Leg machines at the gym target your hip and flexors, calves and inner and outer thighs, which can give you skinny legs. Wall sits, lunges and leg lifts are some classic exercises that can be tried at home. 3 sets of 30 leg lifts for each leg should be done initially.

Different areas of your abdomen and leg are targeted by front and side leg lifts but they are really useful.For 15 seconds at a time, people should hold their position in wall sits and increase gradually. When thighs don’t support or tremble, then one should stop.

Diet For Muscular Legs

Nutrition is as important as exercise for weight loss purposes. Too much insulin is often produced by some foods like those that include corn syrup or sugar. Excessive insulin leads to a greater appetite which leads to weight gain and this means disaster.

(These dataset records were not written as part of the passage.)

(* Uses [(1 + 1/k)^k >= 2]. *)
Lemma exp2_le_of_growth k m N : k.+1 ^ m <= k ^ m * N -> 2 ^ m <= N ^ k.
Proof.
have [-> | k_gt0] := posnP k.
  by case: m => [|m]; rewrite ?expn0 // exp1n exp0n // mul0n.
have [-> | m_gt0] := posnP m; first by rewrite !expn0 mul1n expn_gt0 => ->.
move=> growth; have kk : 2 * k ^ k <= k.+1 ^ k.
  have := expn_mulS_le k k; rewrite -(leq_pmul2l k_gt0); set p := k ^ k; nia.
have step1 : (2 * k ^ k) ^ m <= (k.+1 ^ m) ^ k by rewrite expnAC leq_exp2r.
have step2 : (k.+1 ^ m) ^ k <= (k ^ m * N) ^ k by rewrite leq_exp2r.
have := leq_trans step1 step2; rewrite !expnMn -expnAC [X in _ <= X]mulnC.
by rewrite leq_pmul2r // !expn_gt0 k_gt0.
Qed.

Section GrundyColorBound.
Variables (V : finType) (G : rel V) (k : nat) (C : V -> nat).
Hypotheses (Gsym : symmetric G) (Girr : irreflexive G).
Hypotheses (Gdeg : degenerate G k) (grC : grundy G C).

Let a s := #|[set u | s <= C u]|.
(* truncated subtraction: only the [u] with [s <= C u] contribute *)
Let D s := \sum_u (C u - s).

Let D_step s : D s = D s.+1 + a s.+1.
Proof.
rewrite /D /a -sum1_card [X in _ + X]big_mkcond -big_split /=; apply: eq_bigr => u _.
by rewrite inE; case: leqP; lia.
Qed.

Let D_bound s : 0 < s -> 0 < a s -> D s + k <= k * a s.
Proof.
move=> s_gt0; rewrite /a; set S := [set u | s <= C u] => S_gt0.
have -> : D s = \sum_(v in S) (C v - s).
  by rewrite /D [RHS]big_mkcond; apply: eq_bigr => v _; rewrite inE; case: leqP; lia.
have : \sum_(v in S) (C v - s) <= k * #|S|.-1.
  apply: leq_trans (sum_lower_nbrs_le C Gsym Girr Gdeg S).
  apply: leq_sum => v _; apply: leq_trans (grundy_card_nbrs v grC s_gt0) _.
  by apply/subset_leq_card/subsetP => u; rewrite !inE => /andP[-> /andP[-> ->]].
by move: S_gt0; case: #|S| => // m _; rewrite mulnS /=; lia.
Qed.

Lemma grundy_color_bound v : 2 ^ (C v).-1 <= #|V| ^ k.
Proof.
have V_gt0 : 0 < #|V| by apply/card_gt0P; exists v.
have [-> | Cv_gt0] := posnP (C v); first by rewrite expn0 expn_gt0 V_gt0.
have a_gt0 s : s <= C v -> 0 < a s by move=> sv; apply/card_gt0P; exists v; rewrite inE.
have bound s : 0 < s <= C v -> D s + k <= k * a s.
  by case/andP=> s_gt0 sv; apply: D_bound s_gt0 (a_gt0 s sv).
apply: exp2_le_of_growth.
apply: leq_trans (geometric_growth D_step bound Cv_gt0 (a_gt0 _ (leqnn _))) _.
by rewrite leq_mul2l max_card orbT.
Qed.

End GrundyColorBound.

(** * Optimal schedules *)

Section OptimalSchedules.
Variables (n : nat) (G : rel 'I_n).
Hypotheses (Gsym : symmetric G) (Girr : irreflexive G).

Lemma feasible_recolor (C : schedule n) j x : feasible G C -> 0 < x ->
  (forall i, G j i -> C i != x) -> feasible G (fun i => if i == j then x else C i).
Proof.
move=> [C_gt0 C_proper] x_gt0 x_free; split=> [i | i i' Gii'] /=.
  by case: (i == j).
case: (eqVneq i j) Gii' => [-> | ij]; case: (eqVneq i' j) => [-> | i'j] Gii'.
- by rewrite Girr in Gii'.
- by rewrite eq_sym x_free.
- by rewrite x_free // Gsym.
- exact: C_proper.
Qed.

Opt for unsaturated fats rather than saturated ones as they are good for the heart as well. Opt for healthy carbs rather than giving them up altogether. Fruits high in water and fiber, dark green vegetables and bread and pasta made from whole grains have beneficial complex carbs.

Don’t forgo eggs as whole! They actually aid in weight loss and aren’t harmful for your cholesterol; this has been proved through research. Go for green tea rather than coffee and eat three servings of dairy daily. Green tea leaves and calcium burn fat quickly too.

By swimsuit season, you’ll have skinny and muscular legs with the right combo of diet and exercise.